# Supplied entries
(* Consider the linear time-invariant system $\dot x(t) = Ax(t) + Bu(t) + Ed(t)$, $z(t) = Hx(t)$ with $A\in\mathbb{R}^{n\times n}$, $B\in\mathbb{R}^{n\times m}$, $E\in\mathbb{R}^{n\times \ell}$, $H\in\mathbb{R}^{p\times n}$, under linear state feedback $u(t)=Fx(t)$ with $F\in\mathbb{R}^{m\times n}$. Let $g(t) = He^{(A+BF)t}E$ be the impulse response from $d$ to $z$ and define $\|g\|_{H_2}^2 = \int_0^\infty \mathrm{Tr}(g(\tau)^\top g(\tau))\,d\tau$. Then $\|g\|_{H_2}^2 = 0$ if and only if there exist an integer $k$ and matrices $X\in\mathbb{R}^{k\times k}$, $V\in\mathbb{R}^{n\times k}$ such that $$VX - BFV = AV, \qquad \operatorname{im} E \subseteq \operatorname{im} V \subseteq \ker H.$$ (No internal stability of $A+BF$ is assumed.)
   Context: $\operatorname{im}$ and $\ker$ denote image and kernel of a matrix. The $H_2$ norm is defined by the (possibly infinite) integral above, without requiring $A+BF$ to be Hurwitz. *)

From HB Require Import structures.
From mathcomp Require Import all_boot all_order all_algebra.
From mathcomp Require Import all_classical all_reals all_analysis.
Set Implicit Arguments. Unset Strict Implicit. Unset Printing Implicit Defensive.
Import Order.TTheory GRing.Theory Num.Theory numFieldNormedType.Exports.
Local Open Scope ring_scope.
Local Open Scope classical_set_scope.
--
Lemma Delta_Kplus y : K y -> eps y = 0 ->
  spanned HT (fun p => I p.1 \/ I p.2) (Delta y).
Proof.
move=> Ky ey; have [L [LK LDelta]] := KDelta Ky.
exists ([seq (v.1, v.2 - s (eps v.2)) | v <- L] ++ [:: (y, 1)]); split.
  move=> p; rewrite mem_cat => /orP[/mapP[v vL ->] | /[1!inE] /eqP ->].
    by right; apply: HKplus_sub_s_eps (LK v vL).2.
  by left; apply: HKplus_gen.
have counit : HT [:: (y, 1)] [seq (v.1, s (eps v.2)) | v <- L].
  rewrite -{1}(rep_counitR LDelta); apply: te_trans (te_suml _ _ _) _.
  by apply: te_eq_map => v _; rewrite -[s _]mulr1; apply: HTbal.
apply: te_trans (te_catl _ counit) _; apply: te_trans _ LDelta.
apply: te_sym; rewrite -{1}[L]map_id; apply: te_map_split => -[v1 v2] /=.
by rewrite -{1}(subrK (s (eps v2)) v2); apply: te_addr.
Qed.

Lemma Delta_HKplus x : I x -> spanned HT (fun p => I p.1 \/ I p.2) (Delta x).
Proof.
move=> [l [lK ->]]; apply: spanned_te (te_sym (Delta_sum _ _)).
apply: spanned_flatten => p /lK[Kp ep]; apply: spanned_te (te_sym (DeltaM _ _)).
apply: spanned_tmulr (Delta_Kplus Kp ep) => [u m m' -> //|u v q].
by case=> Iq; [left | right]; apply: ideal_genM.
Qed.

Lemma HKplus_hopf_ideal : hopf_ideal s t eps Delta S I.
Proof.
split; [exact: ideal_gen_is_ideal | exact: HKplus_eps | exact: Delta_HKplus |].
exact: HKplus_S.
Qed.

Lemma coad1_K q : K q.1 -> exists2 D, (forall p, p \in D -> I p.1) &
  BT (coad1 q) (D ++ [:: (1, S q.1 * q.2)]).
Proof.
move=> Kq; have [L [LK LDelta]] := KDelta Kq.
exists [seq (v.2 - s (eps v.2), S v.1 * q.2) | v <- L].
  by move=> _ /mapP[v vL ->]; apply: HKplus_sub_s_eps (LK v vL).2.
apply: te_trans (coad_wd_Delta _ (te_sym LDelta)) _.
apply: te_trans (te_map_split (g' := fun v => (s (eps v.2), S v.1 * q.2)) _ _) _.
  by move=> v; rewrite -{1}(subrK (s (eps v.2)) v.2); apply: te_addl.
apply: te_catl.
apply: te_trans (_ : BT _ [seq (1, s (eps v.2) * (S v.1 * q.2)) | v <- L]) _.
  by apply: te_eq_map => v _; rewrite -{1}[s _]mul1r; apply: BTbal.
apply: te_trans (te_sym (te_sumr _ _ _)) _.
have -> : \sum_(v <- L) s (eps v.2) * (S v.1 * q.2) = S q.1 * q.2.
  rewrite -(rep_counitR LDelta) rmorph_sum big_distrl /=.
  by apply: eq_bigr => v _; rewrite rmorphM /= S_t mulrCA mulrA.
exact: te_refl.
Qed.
...
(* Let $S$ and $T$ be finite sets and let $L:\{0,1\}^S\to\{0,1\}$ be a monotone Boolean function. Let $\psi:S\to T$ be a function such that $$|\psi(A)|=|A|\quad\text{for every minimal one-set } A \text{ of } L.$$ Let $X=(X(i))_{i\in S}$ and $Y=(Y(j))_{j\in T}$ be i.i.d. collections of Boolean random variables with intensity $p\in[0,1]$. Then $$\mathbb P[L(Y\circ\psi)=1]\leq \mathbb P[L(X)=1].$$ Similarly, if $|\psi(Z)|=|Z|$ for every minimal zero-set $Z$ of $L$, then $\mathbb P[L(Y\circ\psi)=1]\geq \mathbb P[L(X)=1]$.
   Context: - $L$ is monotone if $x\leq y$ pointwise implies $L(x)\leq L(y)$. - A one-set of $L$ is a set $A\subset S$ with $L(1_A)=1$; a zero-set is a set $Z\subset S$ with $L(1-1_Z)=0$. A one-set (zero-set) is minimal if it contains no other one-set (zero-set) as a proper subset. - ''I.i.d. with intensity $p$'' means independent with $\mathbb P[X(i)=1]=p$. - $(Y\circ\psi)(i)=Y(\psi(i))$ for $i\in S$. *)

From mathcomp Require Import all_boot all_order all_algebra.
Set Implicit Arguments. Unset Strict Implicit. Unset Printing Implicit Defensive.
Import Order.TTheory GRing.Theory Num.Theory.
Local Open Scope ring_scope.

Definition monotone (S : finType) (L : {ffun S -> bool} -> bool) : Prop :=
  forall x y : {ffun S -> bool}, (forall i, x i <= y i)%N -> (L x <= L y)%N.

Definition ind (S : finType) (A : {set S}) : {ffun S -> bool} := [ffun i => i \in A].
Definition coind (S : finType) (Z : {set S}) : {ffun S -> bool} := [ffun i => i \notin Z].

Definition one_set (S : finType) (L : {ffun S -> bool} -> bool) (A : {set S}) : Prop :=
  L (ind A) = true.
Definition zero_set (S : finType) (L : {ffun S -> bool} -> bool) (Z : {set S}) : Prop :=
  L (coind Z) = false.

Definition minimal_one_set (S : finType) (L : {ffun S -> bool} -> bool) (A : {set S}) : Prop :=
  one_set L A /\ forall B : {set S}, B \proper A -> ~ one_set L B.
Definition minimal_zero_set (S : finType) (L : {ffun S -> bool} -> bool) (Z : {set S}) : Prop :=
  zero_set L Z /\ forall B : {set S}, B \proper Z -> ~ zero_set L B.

# What is being asked
Where a line above contains the string "LDelta", copy that line.

# Solved exercise
move=> Ky ey; have [L [LK LDelta]] := KDelta Ky.
  rewrite -{1}(rep_counitR LDelta); apply: te_trans (te_suml _ _ _) _.
apply: te_trans (te_catl _ counit) _; apply: te_trans _ LDelta.
move=> Kq; have [L [LK LDelta]] := KDelta Kq.
apply: te_trans (coad_wd_Delta _ (te_sym LDelta)) _.
  rewrite -(rep_counitR LDelta) rmorph_sum big_distrl /=.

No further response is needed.